Below are some records. Return exactly the lines from the one containing "by move/subset_leq_card; rewrite" through the one containing "have [x xS good_x]", both included, and only those.

Segment Start: Listed entries

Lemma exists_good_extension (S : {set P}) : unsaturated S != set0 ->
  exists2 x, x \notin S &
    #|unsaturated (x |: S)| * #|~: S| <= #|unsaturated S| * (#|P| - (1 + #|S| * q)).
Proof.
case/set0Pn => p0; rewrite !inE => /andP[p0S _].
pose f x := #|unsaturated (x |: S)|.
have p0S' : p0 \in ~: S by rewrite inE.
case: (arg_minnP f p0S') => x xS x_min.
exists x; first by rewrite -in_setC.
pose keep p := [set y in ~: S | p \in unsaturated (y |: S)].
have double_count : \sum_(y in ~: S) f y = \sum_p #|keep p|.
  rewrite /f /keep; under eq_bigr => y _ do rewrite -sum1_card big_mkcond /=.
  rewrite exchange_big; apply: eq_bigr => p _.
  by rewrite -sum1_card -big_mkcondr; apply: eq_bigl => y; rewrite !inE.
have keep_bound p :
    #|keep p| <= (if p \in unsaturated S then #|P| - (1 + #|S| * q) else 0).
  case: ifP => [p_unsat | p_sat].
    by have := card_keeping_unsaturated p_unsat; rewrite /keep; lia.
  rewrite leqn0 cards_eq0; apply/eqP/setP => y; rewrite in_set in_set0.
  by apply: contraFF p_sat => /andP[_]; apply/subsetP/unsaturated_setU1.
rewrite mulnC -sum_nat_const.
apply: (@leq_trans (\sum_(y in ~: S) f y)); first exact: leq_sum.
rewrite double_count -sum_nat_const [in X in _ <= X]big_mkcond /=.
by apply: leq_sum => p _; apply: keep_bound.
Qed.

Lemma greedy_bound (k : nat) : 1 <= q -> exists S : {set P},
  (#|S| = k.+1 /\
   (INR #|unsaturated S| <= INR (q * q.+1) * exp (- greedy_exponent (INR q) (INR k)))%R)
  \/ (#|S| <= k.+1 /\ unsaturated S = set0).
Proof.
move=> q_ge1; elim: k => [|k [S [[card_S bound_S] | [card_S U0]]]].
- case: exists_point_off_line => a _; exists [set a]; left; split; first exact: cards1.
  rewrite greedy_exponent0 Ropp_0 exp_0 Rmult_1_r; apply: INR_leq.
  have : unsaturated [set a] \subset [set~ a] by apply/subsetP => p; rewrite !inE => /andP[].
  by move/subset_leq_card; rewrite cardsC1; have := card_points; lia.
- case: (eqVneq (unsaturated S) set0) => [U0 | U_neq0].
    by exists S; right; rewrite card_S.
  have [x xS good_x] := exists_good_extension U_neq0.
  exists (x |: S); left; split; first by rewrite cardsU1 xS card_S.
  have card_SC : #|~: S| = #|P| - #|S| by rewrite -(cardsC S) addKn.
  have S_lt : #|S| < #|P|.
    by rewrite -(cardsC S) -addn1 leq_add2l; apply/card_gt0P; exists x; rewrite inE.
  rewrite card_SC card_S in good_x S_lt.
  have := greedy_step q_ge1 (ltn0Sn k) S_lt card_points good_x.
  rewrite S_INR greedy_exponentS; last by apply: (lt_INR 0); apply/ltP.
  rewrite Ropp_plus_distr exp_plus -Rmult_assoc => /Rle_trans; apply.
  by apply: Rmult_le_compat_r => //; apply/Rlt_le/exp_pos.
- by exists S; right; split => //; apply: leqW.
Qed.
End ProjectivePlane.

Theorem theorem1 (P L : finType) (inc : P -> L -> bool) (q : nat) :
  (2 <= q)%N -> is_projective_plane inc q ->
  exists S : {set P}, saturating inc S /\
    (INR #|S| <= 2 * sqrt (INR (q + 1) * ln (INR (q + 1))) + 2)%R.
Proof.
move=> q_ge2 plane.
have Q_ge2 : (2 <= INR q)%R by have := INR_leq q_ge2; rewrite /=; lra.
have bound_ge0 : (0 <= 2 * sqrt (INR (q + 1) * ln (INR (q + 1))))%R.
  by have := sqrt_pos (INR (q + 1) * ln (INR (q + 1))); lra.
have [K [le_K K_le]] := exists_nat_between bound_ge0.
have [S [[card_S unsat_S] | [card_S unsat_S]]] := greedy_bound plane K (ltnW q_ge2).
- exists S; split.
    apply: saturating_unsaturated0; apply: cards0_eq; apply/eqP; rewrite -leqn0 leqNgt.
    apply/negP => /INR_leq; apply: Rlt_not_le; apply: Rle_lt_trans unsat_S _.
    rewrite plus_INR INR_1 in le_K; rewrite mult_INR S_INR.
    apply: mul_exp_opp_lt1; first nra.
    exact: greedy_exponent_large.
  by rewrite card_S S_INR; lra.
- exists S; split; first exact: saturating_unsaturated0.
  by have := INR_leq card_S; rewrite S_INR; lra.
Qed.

Segment End: Listed entries

## [Output for this exercise]
  by move/subset_leq_card; rewrite cardsC1; have := card_points; lia.
- case: (eqVneq (unsaturated S) set0) => [U0 | U_neq0].
    by exists S; right; rewrite card_S.
  have [x xS good_x] := exists_good_extension U_neq0.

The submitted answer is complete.